Last modified: Thursday, October 7, 2004
IU Polish Studies Center honored at Royal Palace ceremony in Warsaw
BLOOMINGTON, Ind. -- The Indiana University Polish Studies Center and its director, Professor Bill Johnston, received the Polish Foreign Minister Award on Wednesday (Oct. 6) for outstanding contributions to the promotion of Poland abroad. Johnston accepted the award from Polish Foreign Minister Wlodzimierz Cimoszewicz in a ceremony at the Royal Palace in Warsaw.
The award, which has been presented each year since 1970, honors people and institutions that significantly enhance the promotion of Poland in the world.
"This award to the Polish Studies Center and Bill Johnston for promoting knowledge of Poland and things Polish is richly deserved," said Owen V. Johnson, the center's acting director while Johnston is on sabbatical leave. "But the award only tells part of the story.

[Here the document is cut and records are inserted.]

Lemma alpham_gt0 taup : 0 <= p * eta -> 0 <= taup -> forall i, 0 < alpham c p eta taup i.
Proof.
move=> x_ge0 taup_ge0 i; have := divr_ge0 x_ge0 (ltW (dm_gt0 i)).
rewrite /alpham; lra.
Qed.

Variables (V : 'M[R]_(n, n - k)) (g : 'I_(n - k) -> 'I_k).
Hypotheses (V_orthonormal : V^T *m V = 1%:M) (V_ker : (V^T == kermx (Theta c))%MS).
Hypothesis V_supp : forall j l, V j l != 0 -> c j = g l.

Lemma Theta_V_orthogonal : (Theta c)^T *m V = 0.
Proof.
by have /andP[/sub_kermxP VTheta _] := V_ker; rewrite -[V]trmxK -trmx_mul VTheta trmx0.
Qed.

Lemma Theta_V_orthonormal :
  (row_mx (Theta c) V)^T *m row_mx (Theta c) V = 1%:M
  /\ row_mx (Theta c) V *m (row_mx (Theta c) V)^T = 1%:M.
Proof.
have /andP[/sub_kermxP VTheta _] := V_ker.
have WTW : (row_mx (Theta c) V)^T *m row_mx (Theta c) V = 1%:M.
  rewrite tr_row_mx mul_col_row Theta_orthonormal // Theta_V_orthogonal VTheta.
  by rewrite V_orthonormal -scalar_mx_block.
by split; last by apply: mulmxT_orthogonal WTW; rewrite subnKC // (card_clusters_le c_surj).
Qed.

Lemma Lbarp_conj taum : Lbarp c p eta + taum%:M =
  row_mx (Theta c) V *m block_mx (Cp c p eta taum) 0 0
    (diag_mx (\row_l alphap c p eta taum (g l))) *m (row_mx (Theta c) V)^T.
Proof.
have -> : \row_l alphap c p eta taum (g l)
          = \row_l clusteralpha c (p * (1 - eta)) (p * eta) taum (g l).
  by apply/matrixP => i l; rewrite !mxE /alphap dp_blockdeg.
rewrite Cp_clusterC; apply: Lbar_block_conj => //; last by case: Theta_V_orthonormal.
  by move=> i; rewrite -dp_blockdeg.
exact: Theta_V_orthogonal.
Qed.

Lemma Lbarm_conj taup : Lbarm c p eta + taup%:M =
  row_mx (Theta c) V *m block_mx (Cm c p eta taup) 0 0
    (diag_mx (\row_l alpham c p eta taup (g l))) *m (row_mx (Theta c) V)^T.
Proof.
have -> : \row_l alpham c p eta taup (g l)
          = \row_l clusteralpha c (p * eta) (p * (1 - eta)) taup (g l).
  by apply/matrixP => i l; rewrite !mxE /alpham dm_blockdeg.
rewrite Cm_clusterC; apply: Lbar_block_conj => //; last by case: Theta_V_orthonormal.
  by move=> i; rewrite -dm_blockdeg.
exact: Theta_V_orthogonal.
Qed.

End SSBM.

Theorem mainTheorem9 (R : realType) (n k : nat) (c : 'I_n -> 'I_k)
  (p eta taup taum : R)
  (hn : (2 <= n)%N) (hk : (2 <= k)%N)
  (hp0 : 0 < p) (hp1 : p <= 1) (he0 : 0 <= eta) (he1 : eta < 1 / 2)
  (hc : forall i : 'I_k, exists j : 'I_n, c j = i)
  (htp : 0 < taup) (htm : 0 <= taum)
  (hdp : forall i : 'I_k, 0 < dp c p eta i)
  (hdm : forall i : 'I_k, 0 < dm c p eta i)
  (V : 'M[R]_(n, n - k)) (g : 'I_(n - k) -> 'I_k)
  (hVorth : V^T *m V = 1%:M)
  (hVspan : (V^T == kermx (Theta c))%MS)
  (hVsupp : forall (j : 'I_n) (l : 'I_(n - k)), V j l != 0 -> c j = g l)
  (hgcount : forall i : 'I_k, #|[set l | g l == i]| = (csize c i).-1)
  (hgord : forall l l' : 'I_(n - k), (l <= l')%N -> (g l <= g l')%N)
  (Rot : 'M[R]_k) (lam : 'rV[R]_k)
  (hRorth : Rot^T *m Rot = 1%:M) (hRdet : \det Rot = 1)
  (hdec : invsqrtmx (Cm c p eta taup) *m Cp c p eta taum *m invsqrtmx (Cm c p eta taup)
          = Rot *m diag_mx lam *m Rot^T) :
  Tbar c p eta taup taum =
  row_mx (Theta c *m Rot) V
  *m block_mx (diag_mx lam) 0 0
       (diag_mx (\row_l (alphap c p eta taum (g l) / alpham c p eta taup (g l))))
  *m (row_mx (Theta c *m Rot) V)^T.
Proof.
have n_gt0 : (0 < n)%N by apply: ltn_trans hn.
have [WTW WWT] := Theta_V_orthonormal hc hVorth hVspan.
have [Cm_psd Cm_unit] : psdmx (Cm c p eta taup) /\ Cm c p eta taup \in unitmx.
  by apply: Cm_psd_unit => //; apply: mulr_ge0; lra.
have am_gt0 := alpham_gt0 hdm (mulr_ge0 (ltW hp0) he0) (ltW htp).
have am_ge0 l : 0 <= (\row_l alpham c p eta taup (g l)) 0 l by rewrite mxE ltW.
have am_neq0 l : (\row_l alpham c p eta taup (g l)) 0 l != 0 by rewrite mxE gt_eqF.
rewrite /Tbar (Lbarm_conj n_gt0 hc hdm hVorth hVspan hVsupp).
rewrite (Lbarp_conj n_gt0 hc hdp hVorth hVspan hVsupp).
rewrite (invsqrtmx_sandwich_block _ _ WTW WWT (Cm_sym n_gt0 _) Cm_psd Cm_unit
          (tr_diag_mx _) (psdmx_diag am_ge0) (unitmx_diag am_neq0)).
rewrite (invsqrtmx_diag_sandwich _ (fun l => am_gt0 (g l))) hdec.
exact: row_mx_conj_block_diag.
Qed.
(* Let $A$ be an infinite alphabet and let $\tilde f:A^2\to\{0,1\}$ satisfy: (i) for each $x\in A$ there is $y\in A$ with $\tilde f(x,y)=1$; (ii) the set $\{x\in A: \tilde f(x,y)=1$ for infinitely many $y\in A\}$ is finite and non-empty. Let $f$ be the $1$-step shift map induced by $\tilde f$. Then the $1$-step shift space $X_f$ contains only finitely many elements of length $1$ (namely those $x\in A$ with $\tilde f(x,y)=1$ for infinitely many $y$), and $X_f$ is not conjugate to any $0$-step shift space (i.e. to any full shift $\Sigma_B$). In particular this applies to $\tilde f$ defined, for a fixed $x_0\in A$, by $\tilde f(x,y)=1$ if $x=x_0$, $\tilde f(x,y)=1$ if $x\ne x_0$ and $y=x$, and $\tilde f(x,y)=0$ otherwise.
   Context: For an alphabet $A$, $\Sigma_A$ is the set of infinite sequences over $A$ together with, when $A$ is infinite, all finite sequences (including the empty sequence $\emptyset$); for finite $A$ it is just the infinite sequences. The topology is generated by the generalized cylinders $Z(x,F)=\{y: y_i=x_i\ (1\le i\le k),\ y_{k+1}\notin F\}$ ($x=(x_1,\dots,x_k)\ne\emptyset$, $F\subseteq A$ finite) and $Z(\emptyset,F)=\{y: y_1\notin F\}$; $l(x)$ denotes length ($\infty$ for infinite sequences); $\sigma$ deletes the first letter. A subblock of $x$ is a finite word $u$ with $x=vuz$. For $f:\bigcup_{k\ge1}A^k\to\{0,1\}$: $X_f^{inf}=\{x\in A^{\mathbb N}: f(u)=1$ for all nonempty subblocks $u$ of $x\}$, $X_f^{fin}=\{x$ finite: there are infinitely many $a\in A$ with $xay\in X_f^{inf}$ for some infinite $y\}$, $X_f=X_f^{inf}\cup X_f^{fin}$. For $N\ge0$ and $\tilde f:A^{N+1}\to\{0,1\}$ the $N$-step shift map induced by $\tilde f$ is $f(x)=1$ if $|x|\le N$ and $f(x)=\prod_{i=1}^{|x|-N}\tilde f(x_i,\dots,x_{N+i})$ if $|x|\ge N+1$; $N$-step shift spaces are the sets $X_g$ for such induced maps $g$ (over some alphabet $B$). A conjugacy is a continuous, shift-commuting bijection between shift spaces preserving length $l$. *)

From Stdlib Require Import List Arith.
Import ListNotations.
Set Implicit Arguments.

(* Elements of Sigma_A: finite words (including the empty sequence) or
   infinite sequences (0-indexed: position i of the paper is index i-1). *)
Inductive seqA (A : Type) : Type :=
| Fin : list A -> seqA A
| Inf : (nat -> A) -> seqA A.
Arguments Fin {A} _.
Arguments Inf {A} _.

Definition len {A} (x : seqA A) : option nat :=
  match x with Fin l => Some (length l) | Inf _ => None end.

Definition letter {A} (x : seqA A) (i : nat) : option A :=
  match x with Fin l => nth_error l i | Inf s => Some (s i) end.

Definition shift {A} (x : seqA A) : seqA A :=
  match x with Fin l => Fin (tl l) | Inf s => Inf (fun n => s (S n)) end.

Definition prepend {A} (w : list A) (s : nat -> A) : nat -> A :=
  fun n => if n <? length w then nth n w (s 0) else s (n - length w).

(* generalized cylinder Z(x,F): x finite word (possibly empty), F finite set *)
Definition cyl (A : Type) : Type := (list A * list A)%type.

(* y in Z(x,F): y begins with x, and it is not the case that y has a
   (l(x)+1)-th letter lying in F. (So x itself belongs to Z(x,F).) *)
Definition in_cyl {A} (c : cyl A) (y : seqA A) : Prop :=
  let (x, F) := c in
  (forall i, i < length x -> letter y i = nth_error x i) /\
  ~ (exists a, letter y (length x) = Some a /\ In a F).

(* open sets of the topology generated by the generalized cylinders:
   unions of finite intersections of cylinders *)
Definition is_open {A} (O : seqA A -> Prop) : Prop :=
  forall y, O y -> exists Ls : list (cyl A),
    (forall c, In c Ls -> in_cyl c y) /\
    (forall z, (forall c, In c Ls -> in_cyl c z) -> O z).

Definition rel_open {A} (X U : seqA A -> Prop) : Prop :=
  exists O, is_open O /\ forall x, X x -> (U x <-> O x).

Definition continuous_on {A B} (X : seqA A -> Prop) (Y : seqA B -> Prop)
  (phi : seqA A -> seqA B) : Prop :=
  forall U, rel_open Y U -> rel_open X (fun x => U (phi x)).

Definition conjugate {A B} (X : seqA A -> Prop) (Y : seqA B -> Prop) : Prop :=
  exists phi : seqA A -> seqA B,
    (forall x, X x -> Y (phi x)) /\
    (forall x x', X x -> X x' -> phi x = phi x' -> x = x') /\
    (forall y, Y y -> exists x, X x /\ phi x = y) /\
    continuous_on X Y phi /\
    (forall x, X x -> phi (shift x) = shift (phi x)) /\
    (forall x, X x -> len (phi x) = len x).

(* N-step shift map induced by ft : A^{N+1} -> {0,1}; ft is given on lists and
   only its values on lists of length N+1 are used. *)
Definition induced {A} (N : nat) (ft : list A -> bool) (w : list A) : bool :=
  if length w <=? N then true
  else forallb (fun i => ft (firstn (S N) (skipn i w))) (seq 0 (length w - N)).

Definition subblock {A} (s : nat -> A) (i n : nat) : list A :=
  map (fun j => s (i + j)) (seq 0 n).

Definition Xinf {A} (f : list A -> bool) (s : nat -> A) : Prop :=
  forall i n, 0 < n -> f (subblock s i n) = true.

Definition infinitely_many {A} (P : A -> Prop) : Prop :=
  forall l : list A, exists a, ~ In a l /\ P a.

Definition Xfin {A} (f : list A -> bool) (x : list A) : Prop :=
  infinitely_many (fun a => exists y : nat -> A, Xinf f (prepend (x ++ [a]) y)).

Definition Xf {A} (f : list A -> bool) (x : seqA A) : Prop :=
  match x with Fin l => Xfin f l | Inf s => Xinf f s end.

Definition ft2 {A} (ft : A -> A -> bool) (w : list A) : bool :=
  match w with [a; b] => ft a b | _ => false end.
Definition ft1 {A} (g : A -> bool) (w : list A) : bool :=
  match w with [a] => g a | _ => false end.

Definition infinite_type (A : Type) : Prop :=
  forall l : list A, exists a, ~ In a l.

Definition conclusion {A} (ft : A -> A -> bool) : Prop :=
  let X := Xf (induced 1 (ft2 ft)) in
  (forall a, X (Fin [a]) <-> infinitely_many (fun y => ft a y = true)) /\
  (exists l : list (seqA A), forall w, X w -> len w = Some 1 -> In w l) /\
  (forall (B : Type) (g : B -> bool), ~ conjugate X (Xf (induced 0 (ft1 g)))).

(* A 0-step shift space is a full shift Sigma_B' with B' = {b : g b}; it has
   either no point of length one or infinitely many, since a one-letter word
   [b] survives exactly when b is allowed and infinitely many letters may follow
   it. For the 1-step space X_f, totality of ft lets every allowed pair be
   extended to an infinite path, so [a] is a point of X_f exactly when ft a y
   holds for infinitely many y: finitely many points of length one, but at least
   one. A conjugacy preserves length and is bijective, so it would carry this
   finite non-empty set onto the length-one points of a full shift. *)

From Stdlib Require Import List Arith Lia IndefiniteDescription Classical.
Import ListNotations.

Lemma subblock_S {A} (s : nat -> A) i n :
  subblock s i (S n) = s i :: subblock s (S i) n.
Proof.
  unfold subblock; cbn; rewrite <- seq_shift, map_map, Nat.add_0_r.
  f_equal; apply map_ext; intros; f_equal; lia.
Qed.

Lemma length_subblock {A} (s : nat -> A) i n : length (subblock s i n) = n.
Proof. unfold subblock; rewrite length_map, length_seq; reflexivity. Qed.

Lemma skipn_subblock {A} (s : nat -> A) k i n :
  skipn k (subblock s i n) = subblock s (i + k) (n - k).
Proof.
  revert i n; induction k as [|k IHk]; intros i n.
  - rewrite Nat.add_0_r, Nat.sub_0_r; reflexivity.
  - destruct n as [|n]; [reflexivity|].
    rewrite subblock_S, <- Nat.add_succ_comm; exact (IHk (S i) n).
Qed.

Lemma firstn_subblock {A} (s : nat -> A) m i n :
  firstn m (subblock s i n) = subblock s i (min m n).
Proof.
  revert i n; induction m as [|m IHm]; intros i n; [reflexivity|].
  destruct n as [|n]; [reflexivity|].
  rewrite !subblock_S; simpl; rewrite subblock_S, IHm; reflexivity.
Qed.

Lemma Xinf_induced {A} (N : nat) (ft : list A -> bool) (s : nat -> A) :
  Xinf (induced N ft) s <-> forall i, ft (subblock s i (S N)) = true.
Proof.
  split.
  - intros Hs i; specialize (Hs i (S N) (Nat.lt_0_succ N)).
    unfold induced in Hs; rewrite length_subblock, Nat.sub_succ_l, Nat.sub_diag in Hs by lia.
    rewrite (proj2 (Nat.leb_gt (S N) N)) in Hs by lia.
    cbn [seq forallb skipn] in Hs.
    now rewrite firstn_subblock, Nat.min_id, Bool.andb_true_r in Hs.
  - intros Hwin i n _; unfold induced; rewrite length_subblock.
    destruct (Nat.leb_spec n N) as [_|HNn]; [reflexivity|].
    apply forallb_forall; intros k Hk; apply in_seq in Hk.
    rewrite skipn_subblock, firstn_subblock.
    replace (min (S N) (n - k)) with (S N) by lia; apply Hwin.
Qed.

Lemma Xinf_step1 {A} (ft : A -> A -> bool) (s : nat -> A) :
  Xinf (induced 1 (ft2 ft)) s <-> forall i, ft (s i) (s (S i)) = true.
Proof.
  rewrite Xinf_induced; unfold subblock; cbn.
  split; intros H i; specialize (H i); now rewrite Nat.add_0_r, Nat.add_1_r in *.
Qed.

Lemma Xinf_step0 {B} (g : B -> bool) (s : nat -> B) :
  Xinf (induced 0 (ft1 g)) s <-> forall i, g (s i) = true.
Proof.
  rewrite Xinf_induced; unfold subblock; cbn.
  split; intros H i; specialize (H i); now rewrite Nat.add_0_r in *.
Qed.

Lemma prepend_pair {A} (a b : A) (y : nat -> A) (n : nat) :
  prepend [a; b] y n = match n with 0 => a | 1 => b | S (S k) => y k end.
Proof. destruct n as [|[|k]]; cbn; [reflexivity.. | now rewrite Nat.sub_0_r]. Qed.

Lemma total_path_from {A} {ft : A -> A -> bool} :
  (forall x, exists y, ft x y = true) ->
  forall a, exists s : nat -> A, s 0 = a /\ forall i, ft (s i) (s (S i)) = true.
Proof.
  intros Htot a.
  destruct (functional_choice _ Htot) as [next Hnext].
  exists (fun n => Nat.iter n next a); split; [reflexivity|].
  intro i; apply Hnext.
Qed.

Lemma Xf_step1_singleton {A} {ft : A -> A -> bool} :
  (forall x, exists y, ft x y = true) ->
  forall a, Xf (induced 1 (ft2 ft)) (Fin [a]) <-> infinitely_many (fun y => ft a y = true).
Proof.
  intros Htot a; cbn; split; intros H l; destruct (H l) as [b [Hbl Hb]];
    exists b; split; auto.
  - destruct Hb as [y Hy]; exact (proj1 (Xinf_step1 _ _) Hy 0).
  - destruct (total_path_from Htot b) as [s [Hs0 Hs]].
    exists (fun n => s (S n)); apply Xinf_step1; cbn [app].
    intros [|[|i]]; rewrite !prepend_pair; [exact Hb | rewrite <- Hs0 |]; apply Hs.
Qed.

Lemma Xf_step0_singleton {B} (g : B -> bool) (b : B) :
  Xf (induced 0 (ft1 g)) (Fin [b]) <-> g b = true /\ infinitely_many (fun c => g c = true).
Proof.
  cbn; split.
  - intro H; split.
    + destruct (H []) as [c [_ [y Hy]]].
      exact (proj1 (Xinf_step0 _ _) Hy 0).
    + intro l; destruct (H l) as [c [Hcl [y Hy]]]; exists c; split; auto.
      exact (proj1 (Xinf_step0 _ _) Hy 1).
  - intros [Hb Hinf] l; destruct (Hinf l) as [c [Hcl Hc]]; exists c; split; auto.
    exists (fun _ => c); apply Xinf_step0; cbn [app]; intro i; rewrite prepend_pair.
    now destruct i as [|[|]].
Qed.

Definition finitely_many_of_len {A} (X : seqA A -> Prop) (n : nat) : Prop :=
  exists l : list (seqA A), forall w, X w -> len w = Some n -> In w l.

Lemma full_shift_len1_infinite {B} {g : B -> bool} {b : B} :
  Xf (induced 0 (ft1 g)) (Fin [b]) -> ~ finitely_many_of_len (Xf (induced 0 (ft1 g))) 1.
Proof.
  intros Hb [l Hl].
  destruct (proj1 (Xf_step0_singleton g b) Hb) as [_ Hinf].
  set (letters := flat_map (fun w => match w with Fin u => u | Inf _ => [] end) l).
  destruct (Hinf letters) as [c [Hc Hgc]].
  apply Hc, in_flat_map; exists (Fin [c]); split; [|now left].
  apply Hl; [apply Xf_step0_singleton; split; auto | reflexivity].
Qed.

Lemma conjugate_finitely_many_of_len {A B} {X : seqA A -> Prop} {Y : seqA B -> Prop} {n : nat} :
  conjugate X Y -> finitely_many_of_len X n -> finitely_many_of_len Y n.
Proof.
  intros [phi [_ [_ [Hsurj [_ [_ Hlen]]]]]] [l Hl].
  exists (map phi l); intros y Hy Hyn.
  destruct (Hsurj y Hy) as [x [Hx <-]].
  apply in_map, Hl; [exact Hx | now rewrite <- Hlen].
Qed.

Lemma conjugate_image_len {A B} {X : seqA A -> Prop} {Y : seqA B -> Prop} {x : seqA A} :
  conjugate X Y -> X x -> exists y, Y y /\ len y = len x.
Proof. intros [phi [Hmap [_ [_ [_ [_ Hlen]]]]]] Hx; exists (phi x); auto. Qed.

Lemma conclusion_of_finitely_many_branching_letters {A} (ft : A -> A -> bool) :
  (forall x, exists y, ft x y = true) ->
  (exists l : list A, forall x, infinitely_many (fun y => ft x y = true) -> In x l) ->
  (exists x, infinitely_many (fun y => ft x y = true)) ->
  conclusion ft.
Proof.
  intros Htot [l Hl] [x0 Hx0].
  set (X := Xf (induced 1 (ft2 ft))).
  assert (Hfin : finitely_many_of_len X 1).
  { exists (map (fun a => Fin [a]) l); intros [[|a [|]]|] Hw Hlen; try discriminate.
    apply (in_map (fun a => Fin [a])), Hl, (Xf_step1_singleton Htot), Hw. }
  split; [exact (Xf_step1_singleton Htot)|]; split; [exact Hfin|].
  intros B g Hconj.
  assert (HX0 : X (Fin [x0])) by now apply Xf_step1_singleton.
  destruct (conjugate_image_len Hconj HX0) as [[[|b [|]]|] [HY0 Hlen0]]; try discriminate.
  exact (full_shift_len1_infinite HY0 (conjugate_finitely_many_of_len Hconj Hfin)).
Qed.

Theorem mainTheorem4 (A : Type) (HA : infinite_type A) :
  (forall ft : A -> A -> bool,
      (forall x, exists y, ft x y = true) ->
      (exists l : list A, forall x,
          infinitely_many (fun y => ft x y = true) -> In x l) ->
      (exists x, infinitely_many (fun y => ft x y = true)) ->
      conclusion ft) /\
  (forall (x0 : A) (ft : A -> A -> bool),
      (forall x y, ft x y = true <-> (x = x0 \/ (x <> x0 /\ y = x))) ->
      conclusion ft).
Proof.
  split; [intro ft; apply conclusion_of_finitely_many_branching_letters|].
  intros x0 ft Hft; apply conclusion_of_finitely_many_branching_letters.
  - intro x; exists x; apply Hft; destruct (classic (x = x0)); auto.
  - exists [x0]; intros x Hx; destruct (classic (x = x0)) as [->|Hne]; [now left|].
    destruct (Hx [x]) as [y [Hy Hxy]]; apply Hft in Hxy.
    destruct Hxy as [|[_ ->]]; [contradiction | now destruct Hy; left].
  - exists x0; intro l; destruct (HA l) as [a Ha]; exists a; split; auto.
    now apply Hft; left.
Qed.
Lemma analytic01_mx (R : realType) n (p : R -> 'M[R[i]]_n) :
  (forall i j, analytic01 (fun t => p t i j)) ->
  exists G : 'M[pR R -> R[i]]_n,
    (forall t, 0 <= t <= 1 -> map_mx (eval_at t) G = p t) /\
    (forall s, 0 <= s <= 1 -> forall i j, analytic_at s (G i j)).
Proof.
move=> p_an.
have [g gP] :=
  choice (fun ij : 'I_n * 'I_n => analytic01_analytic_at (p_an ij.1 ij.2)).
exists (\matrix_(i, j) g (i, j)); split.
  by move=> t t01; apply/matrixP => i j; rewrite !mxE /eval_at (gP (i, j)).1.
by move=> s s01 i j; rewrite mxE; exact: (gP (i, j)).2.
Qed.

Unset Implicit Arguments.

Theorem theorem4p4 (R : realType) (n : nat) (Gamma : 'M[R[i]]_n -> Prop)
  (HGamma : forall A, Gamma A -> real_spectrum A)
  (Hpath : forall A B, Gamma A -> Gamma B ->
     exists p : R -> 'M[R[i]]_n,
       [/\ forall i j, analytic01 (fun t => p t i j),
           p 0 = A, p 1 = B &
           forall t, 0 <= t <= 1 -> Gamma (p t)])
  (Hd : exists A, Gamma A /\ distinct_eigs A) :
  forall A, Gamma A -> forall e : R, 0 < e ->
    exists B, [/\ Gamma B, distinct_eigs B & frob (A - B) < e].
Proof.
move=> A GA e e0.
case: n Gamma HGamma Hpath Hd A GA => [|n] Gamma _ Hpath [B [GB dB]] A GA.
  exists A; split; [exact: GA | by exists [::] | by rewrite /frob big_ord0 sqrtr0].
have [p [p_an p0 p1 p_Gamma]] := Hpath A B GA GB.
have [G [Gp G_an]] := analytic01_mx p_an.
have disc_p t : 0 <= t <= 1 -> disc_mx G t = disc_mx (p t).
  by move=> t01; rewrite disc_mx_eval Gp.
have disc_an s : 0 <= s <= 1 -> analytic_at s (disc_mx G).
  by move=> s01; apply: analytic_at_disc_mx; exact: G_an.
have [d d0 near_A] := frob_eval_near (G_an 0 (ltac:(by rewrite lexx ler01))) e0.
have [t [t01 td disc_t]] := analytic_neq0_near0 disc_an
  (ltac:(by rewrite disc_p ?lexx ?ler01 // p1; apply/disc_mx_distinct_eigs)) d0.
exists (p t); split; first exact: p_Gamma.
  by apply/disc_mx_distinct_eigs; rewrite -disc_p.
have t0 : 0 <= t by case/andP: t01.
by have := near_A t (ltac:(by rewrite ger0_norm)); rewrite add0r !Gp ?p0 ?lexx ?ler01.
Qed.
Lemma measurable_halprob (h : seq rec) sig :
  measurable_fun setT (fun y => halprob (mdl y) h sig).
Proof.
rewrite /halprob; case: (_ && _); last exact: measurable_cst.
apply: measurable_prod_cond => p; apply: measurable_prod_cond => i /=.
by case: (tnth p.2 i).2 => [k|]; [exact: mrew | exact: measurable_cst].
Qed.

Definition step_pattern (cs : CStep S A) := (cs.1.1, cs.1.2, cs.2 != None).

(* Positions beyond the horizon get weight 0, so that the fibre bound required by
   [esum_prod_from_le1] holds at every position. *)
Definition pos_lik y (k : nat) (cs : CStep S A) : R :=
  if insub k is Some i then step_lik (mdl y) i cs else 0.

Lemma pos_lik_ge0 y k cs : 0 <= pos_lik y k cs.
Proof. by rewrite /pos_lik; case: insub => // i; exact: step_lik_ge0. Qed.

Lemma esum_pos_lik y k ys :
  (\esum_(cs in [set cs | step_pattern cs = ys]) (pos_lik y k cs)%:E <= 1)%E.
Proof.
rewrite /pos_lik; case: insub => [i|]; last by rewrite esum1.
case: ys => [[x a] [|]].
  rewrite (_ : [set cs | _] = (fun r => (x, a, Some r)) @` [set: nat]).
    by rewrite esum_image ?esum_rew // => r r' _ _ [].
  apply/seteqP; split=> [[[x' a'] [r|]] //= [-> ->]|_ [r _ <-]] //.
  by exists r.
rewrite (_ : [set cs | _] = [set (x, a, None)]); first by rewrite esum_set1.
by apply/seteqP; split=> [[[x' a'] [r|]] //= [-> ->]|_ ->].
Qed.

Lemma reward_lik_prod_from y (c : CTraj S A H) :
  reward_lik (mdl y) c = prod_from (pos_lik y) 0 c.
Proof. by rewrite prod_from_tuple; apply: eq_bigr => i _; rewrite /pos_lik valK. Qed.

Lemma esum_reward_lik y pt :
  (\esum_(c in [set c : CTraj S A H | pattern c = pt]) (reward_lik (mdl y) c)%:E
   <= 1)%E.
Proof.
under eq_esum do rewrite reward_lik_prod_from.
rewrite -(esum_image _ val (fun s => (prod_from (pos_lik y) 0 s)%:E)); last first.
  by move=> c c' _ _; exact: val_inj.
apply: le_trans (esum_prod_from_le1 (@pos_lik_ge0 y) (@esum_pos_lik y) pt 0).
apply: le_esum_subset => [_ [c /= <- <-] //|s _].
by rewrite lee_fin prod_from_ge0 // => k cs; exact: pos_lik_ge0.
Qed.

Lemma esum_halprob y (h : seq rec) :
  (\esum_(sig in [set: ledger S A H]) (halprob (mdl y) h sig)%:E <= 1)%E.
Proof.
set U := Ucal h; set pt := [seq (r_pol r, pattern (censor U (r_traj r))) | r <- h].
pose gp (p : Pol S A H * CTraj S A H) := (p.1, pattern p.2).
rewrite (esumID [set sig : ledger S A H | sig.1 = U /\ map gp sig.2 = pt]); last first.
  by move=> sig _; rewrite lee_fin halprob_ge0.
rewrite [X in (_ + X)%E]esum1 ?adde0 => [|[U' L] [_ /= not_pt]]; last first.
  by rewrite /halprob /=; case: ifP => // /andP[/eqP ? /eqP ?]; exfalso; apply: not_pt.
rewrite setTI (_ : [set sig | _] = pair U @` [set L | map gp L = pt]); last first.
  by apply/seteqP; split=> [[U' L] /= [-> gL]|_ [L /= gL <-]]; [exists L|].
rewrite esum_image => [|L L' _ _ [] //].
rewrite (eq_esum (b := fun L => (prod_from (fun=> fun p => reward_lik (mdl y) p.2) 0 L)%:E)).
  apply: esum_prod_from_le1 => [k p|k [pol c]]; first exact: reward_lik_ge0.
  rewrite (_ : [set p | gp p = (pol, c)] = pair pol @` [set c' | pattern c' = c]).
    by rewrite esum_image ?esum_reward_lik // => c1 c2 _ _ [].
  by apply/seteqP; split=> [[pol' c'] [/= -> pc]|_ [c' /= pc <-]]; [exists c'|rewrite /gp pc].
by move=> L /= gL; rewrite prod_from_const /halprob /= eqxx -/pt -gL eqxx.
Qed.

For more than a quarter century, the center, like other area studies centers at IU, has been opening up the rest of the world to IU students and faculty as well as to the people of the state of Indiana."
The IU Polish Studies Center was established in 1976. Since that time it has hosted some of the most important figures in Polish politics and culture, including trade union leader Lech Walesa, who led the movement that helped bring about the downfall of communism, and Czeslaw Milosz, a world-renowned writer. Both men received the Nobel Peace Prize.
The center also has sponsored numerous conferences, concerts and theatrical performances and has been instrumental in establishing IU's academic exchange programs with Warsaw University and with Jagiellonian University in Krakow. These programs have allowed more than 60 IU faculty and graduate students to travel to Poland and an equal number of Polish scholars to come to IU.
Johnston, an associate professor of applied linguistics, has been the center's director since 2001 and is an award-winning translator of Polish literature. He currently is on sabbatical leave.